The rules of intestacy are complex, but, broadly speaking, the bulk of your estate will go to your spouse (or registered civil partner) or, if none, to your children (whether or not they are adults) and, if none, to other specified blood relatives.

The effect of the rules depends partly on whether you have children and your marital status. If you’re married with no children, your surviving spouse/civil partner will inherit everything.]

But if you’re married with children, when you die without a Will less than you expect may go to your spouse. Your surviving spouse will receive £270,000, plus your personal belongings, and then half of the estate automatically. Your children will then inherit the remaining half share of the estate(or on trust until they reach the age of 18).

The rules for spouses set out here are the same as the rules for those gay couples who register as civil partners.

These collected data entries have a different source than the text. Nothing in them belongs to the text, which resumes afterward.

Lemma conv_meet_of_moments d (A B : {set 'I_n}) c i0 :
  (forall i, 0 < c i -> i \in A) -> (forall i, c i < 0 -> i \in B) -> 0 < c i0 ->
  (forall k, (k <= d)%N -> moment c k = 0) ->
  exists p, conv t d A p /\ conv t d B p.
Proof.
move=> pos_A neg_B c_i0 mom_eq0.
pose la i := if 0 < c i then c i else 0.
pose mu i := if c i < 0 then - c i else 0.
have la_ge0 i : 0 <= la i by rewrite /la; case: ifP => // /ltW.
have mu_ge0 i : 0 <= mu i by rewrite /mu; case: ifP => // /ltW; rewrite oppr_ge0.
have c_split i : c i = la i - mu i.
  by rewrite /la /mu; case: (ltrgtP (c i) 0) => [_|_|->];
    rewrite ?subr0 ?sub0r ?opprK ?subrr.
have eq_mom k : (k <= d)%N -> moment la k = moment mu k.
  move=> le_kd; apply/eqP; rewrite -subr_eq0 -momentB -(mom_eq0 _ le_kd).
  by apply/eqP; apply: eq_bigr => i _; rewrite c_split.
pose W := \sum_i la i.
have W_gt0 : 0 < W.
  rewrite /W (bigD1 i0) //= ltr_wpDr ?sumr_ge0 //.
  by rewrite /la c_i0.
have mu_mass : \sum_i mu i = W by rewrite /W -!moment0 eq_mom.
exists (\sum_i (la i / W) *: gamma d (t i)); split.
  exists (fun i => la i / W); split=> //.
  - by move=> i; rewrite divr_ge0 ?la_ge0 ?mu_ge0 ?ltW.
  - move=> i iA; rewrite /la; case: ifP => [/pos_A|_]; last by rewrite mul0r.
    by rewrite (negPf iA).
  - by rewrite -mulr_suml divff ?gt_eqF.
exists (fun i => mu i / W); split.
- by move=> i; rewrite divr_ge0 ?la_ge0 ?mu_ge0 ?ltW.
- move=> i iB; rewrite /mu; case: ifP => [/neg_B|_]; last by rewrite mul0r.
  by rewrite (negPf iB).
- by rewrite -mulr_suml mu_mass divff ?gt_eqF.
- by apply/rowP => k; rewrite !sum_gamma_entry !moment_divr eq_mom.
Qed.

Lemma sum_mul_horner nu (Q : {poly R}) :
  \sum_i nu i * Q.[t i] = \sum_(k < size Q) Q`_k * moment nu k.
Proof.
under eq_bigr do rewrite horner_coef big_distrr.
rewrite exchange_big; apply: eq_bigr => k _ /=; rewrite /moment big_distrr.
by apply: eq_bigr => i _; rewrite mulrCA.
Qed.

Lemma sum_mul_horner_eq0 K nu (Q : {poly R}) :
  (forall k, (k < K)%N -> moment nu k = 0) -> (size Q <= K)%N -> \sum_i nu i * Q.[t i] = 0.
Proof.
move=> mom_eq0 szQ; rewrite sum_mul_horner big1 // => k _.
by rewrite mom_eq0 ?mulr0 // (leq_trans _ szQ).
Qed.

But if you’re not married and living together the intestacy laws do not recognise a common law husband or wife. Cohabitation does not have the same ‘rights’ as marriage. So it’s particularly important to make a Will if you’re not married to your partner. Under the law of intestacy, your unmarried partner has no automatic right to any part of your estate and so they will have to try and establish a claim under the Inheritance (Provision for Family and Dependants) Act 1975 which can be costly, time consuming and far from a guaranteed success.

Find out more about cohabitation and the intestacy laws here.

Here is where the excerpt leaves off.